INPUT section start

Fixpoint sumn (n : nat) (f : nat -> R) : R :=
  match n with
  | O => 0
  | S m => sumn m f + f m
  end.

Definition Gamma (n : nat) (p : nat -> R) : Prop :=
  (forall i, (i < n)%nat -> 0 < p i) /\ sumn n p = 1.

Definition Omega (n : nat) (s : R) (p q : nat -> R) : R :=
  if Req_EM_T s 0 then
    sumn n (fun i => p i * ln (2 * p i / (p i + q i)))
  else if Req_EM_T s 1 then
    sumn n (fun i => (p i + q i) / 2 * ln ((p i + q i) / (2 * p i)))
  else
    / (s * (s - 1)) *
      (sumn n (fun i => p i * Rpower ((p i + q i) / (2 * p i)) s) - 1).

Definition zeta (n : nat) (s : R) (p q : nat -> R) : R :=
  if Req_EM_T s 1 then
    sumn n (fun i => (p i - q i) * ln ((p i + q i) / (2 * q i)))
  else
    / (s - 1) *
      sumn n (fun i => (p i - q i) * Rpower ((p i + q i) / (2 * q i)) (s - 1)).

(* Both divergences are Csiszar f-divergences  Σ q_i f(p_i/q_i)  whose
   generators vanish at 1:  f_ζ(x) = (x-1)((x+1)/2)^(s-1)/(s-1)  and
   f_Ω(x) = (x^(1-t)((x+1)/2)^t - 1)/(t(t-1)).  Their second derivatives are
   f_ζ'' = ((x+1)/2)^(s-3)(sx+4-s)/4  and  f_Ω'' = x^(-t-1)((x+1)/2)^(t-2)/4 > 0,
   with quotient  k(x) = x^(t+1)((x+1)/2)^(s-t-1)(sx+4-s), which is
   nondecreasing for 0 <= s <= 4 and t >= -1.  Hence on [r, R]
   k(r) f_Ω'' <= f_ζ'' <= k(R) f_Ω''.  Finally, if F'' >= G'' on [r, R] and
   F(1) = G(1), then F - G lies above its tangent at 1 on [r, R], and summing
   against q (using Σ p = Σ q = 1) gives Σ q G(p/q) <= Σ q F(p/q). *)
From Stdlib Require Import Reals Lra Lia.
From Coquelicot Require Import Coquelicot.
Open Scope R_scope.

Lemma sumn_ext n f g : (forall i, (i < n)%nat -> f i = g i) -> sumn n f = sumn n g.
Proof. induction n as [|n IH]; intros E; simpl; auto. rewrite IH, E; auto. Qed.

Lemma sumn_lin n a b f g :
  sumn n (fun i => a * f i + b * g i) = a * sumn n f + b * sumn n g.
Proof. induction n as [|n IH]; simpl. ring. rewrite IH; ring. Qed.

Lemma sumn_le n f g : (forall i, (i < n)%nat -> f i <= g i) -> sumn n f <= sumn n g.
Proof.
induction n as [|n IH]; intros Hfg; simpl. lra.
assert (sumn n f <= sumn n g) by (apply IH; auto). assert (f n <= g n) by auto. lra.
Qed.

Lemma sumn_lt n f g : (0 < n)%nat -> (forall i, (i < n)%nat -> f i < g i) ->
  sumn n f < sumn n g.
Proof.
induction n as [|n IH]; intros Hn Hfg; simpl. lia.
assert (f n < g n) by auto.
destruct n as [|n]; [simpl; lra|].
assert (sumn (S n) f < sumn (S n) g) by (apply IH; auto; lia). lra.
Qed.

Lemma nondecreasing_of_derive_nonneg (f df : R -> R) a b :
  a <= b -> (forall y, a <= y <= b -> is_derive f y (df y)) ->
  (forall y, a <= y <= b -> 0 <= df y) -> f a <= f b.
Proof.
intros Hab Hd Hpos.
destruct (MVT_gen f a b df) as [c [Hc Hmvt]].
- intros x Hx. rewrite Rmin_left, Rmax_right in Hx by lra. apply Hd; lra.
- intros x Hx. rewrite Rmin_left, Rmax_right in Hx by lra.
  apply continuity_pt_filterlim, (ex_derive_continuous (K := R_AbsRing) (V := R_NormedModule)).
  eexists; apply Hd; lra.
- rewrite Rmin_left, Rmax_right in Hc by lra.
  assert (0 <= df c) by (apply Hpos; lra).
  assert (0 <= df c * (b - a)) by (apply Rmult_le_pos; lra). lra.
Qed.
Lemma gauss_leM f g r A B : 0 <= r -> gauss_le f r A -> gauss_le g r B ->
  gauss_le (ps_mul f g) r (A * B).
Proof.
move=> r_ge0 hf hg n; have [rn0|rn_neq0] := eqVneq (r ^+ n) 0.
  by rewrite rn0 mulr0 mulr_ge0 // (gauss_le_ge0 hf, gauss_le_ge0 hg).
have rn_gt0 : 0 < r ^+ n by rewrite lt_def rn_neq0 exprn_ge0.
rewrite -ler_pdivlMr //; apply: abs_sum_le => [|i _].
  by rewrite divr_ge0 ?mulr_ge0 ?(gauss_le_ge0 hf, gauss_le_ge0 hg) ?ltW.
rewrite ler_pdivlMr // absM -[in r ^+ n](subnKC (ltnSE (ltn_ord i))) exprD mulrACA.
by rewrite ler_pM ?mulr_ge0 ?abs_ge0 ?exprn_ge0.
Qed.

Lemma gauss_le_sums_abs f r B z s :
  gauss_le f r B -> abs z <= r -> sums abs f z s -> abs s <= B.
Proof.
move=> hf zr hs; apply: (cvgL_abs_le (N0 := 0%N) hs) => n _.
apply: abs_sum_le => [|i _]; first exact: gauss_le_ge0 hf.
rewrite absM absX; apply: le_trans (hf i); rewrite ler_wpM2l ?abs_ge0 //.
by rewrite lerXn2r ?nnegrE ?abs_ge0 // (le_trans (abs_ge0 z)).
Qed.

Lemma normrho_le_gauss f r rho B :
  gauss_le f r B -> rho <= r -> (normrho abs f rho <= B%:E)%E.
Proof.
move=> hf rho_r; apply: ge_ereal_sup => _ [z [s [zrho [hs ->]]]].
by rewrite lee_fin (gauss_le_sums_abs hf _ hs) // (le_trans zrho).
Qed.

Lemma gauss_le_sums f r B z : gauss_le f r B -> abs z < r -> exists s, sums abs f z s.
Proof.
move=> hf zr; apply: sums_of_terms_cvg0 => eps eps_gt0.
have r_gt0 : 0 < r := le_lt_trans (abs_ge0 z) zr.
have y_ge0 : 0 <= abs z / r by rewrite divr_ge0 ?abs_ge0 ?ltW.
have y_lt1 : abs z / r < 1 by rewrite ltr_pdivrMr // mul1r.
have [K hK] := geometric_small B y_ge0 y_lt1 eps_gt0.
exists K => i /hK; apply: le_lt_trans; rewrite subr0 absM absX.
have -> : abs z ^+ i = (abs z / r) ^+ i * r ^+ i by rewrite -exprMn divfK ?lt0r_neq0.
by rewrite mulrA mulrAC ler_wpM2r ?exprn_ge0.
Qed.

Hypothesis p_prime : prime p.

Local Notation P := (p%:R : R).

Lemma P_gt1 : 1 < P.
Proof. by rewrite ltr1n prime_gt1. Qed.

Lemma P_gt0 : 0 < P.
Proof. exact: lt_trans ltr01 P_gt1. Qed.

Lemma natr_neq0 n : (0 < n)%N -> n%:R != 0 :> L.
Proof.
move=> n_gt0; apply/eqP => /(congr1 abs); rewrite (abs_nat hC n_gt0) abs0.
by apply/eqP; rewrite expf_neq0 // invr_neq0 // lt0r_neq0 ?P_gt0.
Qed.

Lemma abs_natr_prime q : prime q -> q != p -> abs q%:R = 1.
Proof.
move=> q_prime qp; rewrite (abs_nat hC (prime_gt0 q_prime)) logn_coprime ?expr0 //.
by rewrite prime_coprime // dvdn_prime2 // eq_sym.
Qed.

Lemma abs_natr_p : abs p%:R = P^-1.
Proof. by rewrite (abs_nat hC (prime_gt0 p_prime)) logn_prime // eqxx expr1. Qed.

INPUT section end

#### [EXERCISE REQUIREMENTS]
Return all of the above records exactly, leaving no line out.

#### [EXERCISE RESPONSE]
Fixpoint sumn (n : nat) (f : nat -> R) : R :=
  match n with
  | O => 0
  | S m => sumn m f + f m
  end.

Definition Gamma (n : nat) (p : nat -> R) : Prop :=
  (forall i, (i < n)%nat -> 0 < p i) /\ sumn n p = 1.

Definition Omega (n : nat) (s : R) (p q : nat -> R) : R :=
  if Req_EM_T s 0 then
    sumn n (fun i => p i * ln (2 * p i / (p i + q i)))
  else if Req_EM_T s 1 then
    sumn n (fun i => (p i + q i) / 2 * ln ((p i + q i) / (2 * p i)))
  else
    / (s * (s - 1)) *
      (sumn n (fun i => p i * Rpower ((p i + q i) / (2 * p i)) s) - 1).

Definition zeta (n : nat) (s : R) (p q : nat -> R) : R :=
  if Req_EM_T s 1 then
    sumn n (fun i => (p i - q i) * ln ((p i + q i) / (2 * q i)))
  else
    / (s - 1) *
      sumn n (fun i => (p i - q i) * Rpower ((p i + q i) / (2 * q i)) (s - 1)).

(* Both divergences are Csiszar f-divergences  Σ q_i f(p_i/q_i)  whose
   generators vanish at 1:  f_ζ(x) = (x-1)((x+1)/2)^(s-1)/(s-1)  and
   f_Ω(x) = (x^(1-t)((x+1)/2)^t - 1)/(t(t-1)).  Their second derivatives are
   f_ζ'' = ((x+1)/2)^(s-3)(sx+4-s)/4  and  f_Ω'' = x^(-t-1)((x+1)/2)^(t-2)/4 > 0,
   with quotient  k(x) = x^(t+1)((x+1)/2)^(s-t-1)(sx+4-s), which is
   nondecreasing for 0 <= s <= 4 and t >= -1.  Hence on [r, R]
   k(r) f_Ω'' <= f_ζ'' <= k(R) f_Ω''.  Finally, if F'' >= G'' on [r, R] and
   F(1) = G(1), then F - G lies above its tangent at 1 on [r, R], and summing
   against q (using Σ p = Σ q = 1) gives Σ q G(p/q) <= Σ q F(p/q). *)
From Stdlib Require Import Reals Lra Lia.
From Coquelicot Require Import Coquelicot.
Open Scope R_scope.

Lemma sumn_ext n f g : (forall i, (i < n)%nat -> f i = g i) -> sumn n f = sumn n g.
Proof. induction n as [|n IH]; intros E; simpl; auto. rewrite IH, E; auto. Qed.

Lemma sumn_lin n a b f g :
  sumn n (fun i => a * f i + b * g i) = a * sumn n f + b * sumn n g.
Proof. induction n as [|n IH]; simpl. ring. rewrite IH; ring. Qed.

Lemma sumn_le n f g : (forall i, (i < n)%nat -> f i <= g i) -> sumn n f <= sumn n g.
Proof.
induction n as [|n IH]; intros Hfg; simpl. lra.
assert (sumn n f <= sumn n g) by (apply IH; auto). assert (f n <= g n) by auto. lra.
Qed.

Lemma sumn_lt n f g : (0 < n)%nat -> (forall i, (i < n)%nat -> f i < g i) ->
  sumn n f < sumn n g.
Proof.
induction n as [|n IH]; intros Hn Hfg; simpl. lia.
assert (f n < g n) by auto.
destruct n as [|n]; [simpl; lra|].
assert (sumn (S n) f < sumn (S n) g) by (apply IH; auto; lia). lra.
Qed.

Lemma nondecreasing_of_derive_nonneg (f df : R -> R) a b :
  a <= b -> (forall y, a <= y <= b -> is_derive f y (df y)) ->
  (forall y, a <= y <= b -> 0 <= df y) -> f a <= f b.
Proof.
intros Hab Hd Hpos.
destruct (MVT_gen f a b df) as [c [Hc Hmvt]].
- intros x Hx. rewrite Rmin_left, Rmax_right in Hx by lra. apply Hd; lra.
- intros x Hx. rewrite Rmin_left, Rmax_right in Hx by lra.
  apply continuity_pt_filterlim, (ex_derive_continuous (K := R_AbsRing) (V := R_NormedModule)).
  eexists; apply Hd; lra.
- rewrite Rmin_left, Rmax_right in Hc by lra.
  assert (0 <= df c) by (apply Hpos; lra).
  assert (0 <= df c * (b - a)) by (apply Rmult_le_pos; lra). lra.
Qed.
Lemma gauss_leM f g r A B : 0 <= r -> gauss_le f r A -> gauss_le g r B ->
  gauss_le (ps_mul f g) r (A * B).
Proof.
move=> r_ge0 hf hg n; have [rn0|rn_neq0] := eqVneq (r ^+ n) 0.
  by rewrite rn0 mulr0 mulr_ge0 // (gauss_le_ge0 hf, gauss_le_ge0 hg).
have rn_gt0 : 0 < r ^+ n by rewrite lt_def rn_neq0 exprn_ge0.
rewrite -ler_pdivlMr //; apply: abs_sum_le => [|i _].
  by rewrite divr_ge0 ?mulr_ge0 ?(gauss_le_ge0 hf, gauss_le_ge0 hg) ?ltW.
rewrite ler_pdivlMr // absM -[in r ^+ n](subnKC (ltnSE (ltn_ord i))) exprD mulrACA.
by rewrite ler_pM ?mulr_ge0 ?abs_ge0 ?exprn_ge0.
Qed.

Lemma gauss_le_sums_abs f r B z s :
  gauss_le f r B -> abs z <= r -> sums abs f z s -> abs s <= B.
Proof.
move=> hf zr hs; apply: (cvgL_abs_le (N0 := 0%N) hs) => n _.
apply: abs_sum_le => [|i _]; first exact: gauss_le_ge0 hf.
rewrite absM absX; apply: le_trans (hf i); rewrite ler_wpM2l ?abs_ge0 //.
by rewrite lerXn2r ?nnegrE ?abs_ge0 // (le_trans (abs_ge0 z)).
Qed.

Lemma normrho_le_gauss f r rho B :
  gauss_le f r B -> rho <= r -> (normrho abs f rho <= B%:E)%E.
Proof.
move=> hf rho_r; apply: ge_ereal_sup => _ [z [s [zrho [hs ->]]]].
by rewrite lee_fin (gauss_le_sums_abs hf _ hs) // (le_trans zrho).
Qed.

Lemma gauss_le_sums f r B z : gauss_le f r B -> abs z < r -> exists s, sums abs f z s.
Proof.
move=> hf zr; apply: sums_of_terms_cvg0 => eps eps_gt0.
have r_gt0 : 0 < r := le_lt_trans (abs_ge0 z) zr.
have y_ge0 : 0 <= abs z / r by rewrite divr_ge0 ?abs_ge0 ?ltW.
have y_lt1 : abs z / r < 1 by rewrite ltr_pdivrMr // mul1r.
have [K hK] := geometric_small B y_ge0 y_lt1 eps_gt0.
exists K => i /hK; apply: le_lt_trans; rewrite subr0 absM absX.
have -> : abs z ^+ i = (abs z / r) ^+ i * r ^+ i by rewrite -exprMn divfK ?lt0r_neq0.
by rewrite mulrA mulrAC ler_wpM2r ?exprn_ge0.
Qed.

Hypothesis p_prime : prime p.

Local Notation P := (p%:R : R).

Lemma P_gt1 : 1 < P.
Proof. by rewrite ltr1n prime_gt1. Qed.

Lemma P_gt0 : 0 < P.
Proof. exact: lt_trans ltr01 P_gt1. Qed.

Lemma natr_neq0 n : (0 < n)%N -> n%:R != 0 :> L.
Proof.
move=> n_gt0; apply/eqP => /(congr1 abs); rewrite (abs_nat hC n_gt0) abs0.
by apply/eqP; rewrite expf_neq0 // invr_neq0 // lt0r_neq0 ?P_gt0.
Qed.

Lemma abs_natr_prime q : prime q -> q != p -> abs q%:R = 1.
Proof.
move=> q_prime qp; rewrite (abs_nat hC (prime_gt0 q_prime)) logn_coprime ?expr0 //.
by rewrite prime_coprime // dvdn_prime2 // eq_sym.
Qed.

Lemma abs_natr_p : abs p%:R = P^-1.
Proof. by rewrite (abs_nat hC (prime_gt0 p_prime)) logn_prime // eqxx expr1. Qed.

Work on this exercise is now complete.